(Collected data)
____

(* The structure $(B_\infty,T,\cdot,\equiv,1,\sigma_1,\sigma_1^{-1})$ is a canonical model for the link axioms. That is: (i) it satisfies the link axioms; (ii) every element of $B_\infty$ is the interpretation of a closed term of the language (built from $1,\sigma,\bar\sigma$ using $\cdot$ and $T$); (iii) for every structure $(S,T_1,*,\equiv',1',\sigma_1',\bar\sigma_1')$ satisfying the link axioms there is a unique homomorphism of structures $f:B_\infty\to S$, i.e. a unique map with $f(1)=1'$, $f(\sigma_1)=\sigma_1'$, $f(\sigma_1^{-1})=\bar\sigma_1'$, $f(x\cdot y)=f(x)*f(y)$, $f(T(x))=T_1(f(x))$ for all $x,y$, and $x\equiv y\Rightarrow f(x)\equiv' f(y)$.
   Context: Consider a first-order language (with equality) with signature $(\cdot,T,\equiv,1,\sigma,\bar\sigma)$: $\cdot$ binary function, $T$ unary function, $\equiv$ binary predicate, constants $1,\sigma,\bar\sigma$. The link axioms are: $\forall x,y,z\ x\cdot(y\cdot z)=(x\cdot y)\cdot z$; $\forall x\ 1\cdot x=x$; $\forall x\ x\cdot 1=x$; $\sigma\cdot\bar\sigma=\bar\sigma\cdot\sigma=1$; $\forall x,y\ T(x\cdot y)=T(x)\cdot T(y)$; $T(1)=1$; $\sigma\cdot T(\sigma)\cdot\sigma=T(\sigma)\cdot\sigma\cdot T(\sigma)$; $\forall b\ \sigma\cdot T(T(b))=T(T(b))\cdot\sigma$; $\equiv$ is reflexive, symmetric and transitive; $\forall x,y,z\ (y\cdot z=1\to x\equiv y\cdot x\cdot z)$; $\forall x\ x\equiv\sigma\cdot T(x)$; $\forall x\ x\equiv\bar\sigma\cdot T(x)$. $B_\infty$ is the group generated by $\{\sigma_i\}_{i\in\mathbb{N}}$ with relations $\sigma_i\sigma_j=\sigma_j\sigma_i$ for $i\ge j+2$ and $\sigma_i\sigma_{i+1}\sigma_i=\sigma_{i+1}\sigma_i\sigma_{i+1}$; $T$ is the homomorphism of $B_\infty$ with $T(\sigma_i)=\sigma_{i+1}$; $\cdot$ is the group multiplication, $1$ the identity, and $\sigma,\bar\sigma$ are interpreted as $\sigma_1,\sigma_1^{-1}$; $\equiv$ on $B_\infty$ is the equivalence relation generated by $aba^{-1}\equiv b$, $b\equiv\sigma_1T(b)$, $b\equiv\sigma_1^{-1}T(b)$ for all $a,b\in B_\infty$. *)

From Stdlib Require Import List ClassicalEpsilon.
Import ListNotations.
Set Implicit Arguments.

Definition link_axioms (S : Type) (mul : S -> S -> S) (T : S -> S)
  (eqv : S -> S -> Prop) (one sig sigb : S) : Prop :=
  (forall x y z, mul x (mul y z) = mul (mul x y) z) /\
  (forall x, mul one x = x) /\
  (forall x, mul x one = x) /\
  (mul sig sigb = one /\ mul sigb sig = one) /\
  (forall x y, T (mul x y) = mul (T x) (T y)) /\
  T one = one /\
  mul (mul sig (T sig)) sig = mul (mul (T sig) sig) (T sig) /\
  (forall b, mul sig (T (T b)) = mul (T (T b)) sig) /\
  (forall x, eqv x x) /\
  (forall x y, eqv x y -> eqv y x) /\
  (forall x y z, eqv x y -> eqv y z -> eqv x z) /\
  (forall x y z, mul y z = one -> eqv x (mul (mul y x) z)) /\
  (forall x, eqv x (mul sig (T x))) /\
  (forall x, eqv x (mul sigb (T x))).

Inductive term : Type :=
| t_one | t_sig | t_sigb
| t_mul : term -> term -> term
| t_T : term -> term.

____

__Problem to work on__: Would you copy, unchanged, the stretch of the records above that begins at the line containing "(mul sig sigb" and ends at the line containing "t_sig | t_sigb", and only that?

__Response__:
  (mul sig sigb = one /\ mul sigb sig = one) /\
  (forall x y, T (mul x y) = mul (T x) (T y)) /\
  T one = one /\
  mul (mul sig (T sig)) sig = mul (mul (T sig) sig) (T sig) /\
  (forall b, mul sig (T (T b)) = mul (T (T b)) sig) /\
  (forall x, eqv x x) /\
  (forall x y, eqv x y -> eqv y x) /\
  (forall x y z, eqv x y -> eqv y z -> eqv x z) /\
  (forall x y z, mul y z = one -> eqv x (mul (mul y x) z)) /\
  (forall x, eqv x (mul sig (T x))) /\
  (forall x, eqv x (mul sigb (T x))).

Inductive term : Type :=
| t_one | t_sig | t_sigb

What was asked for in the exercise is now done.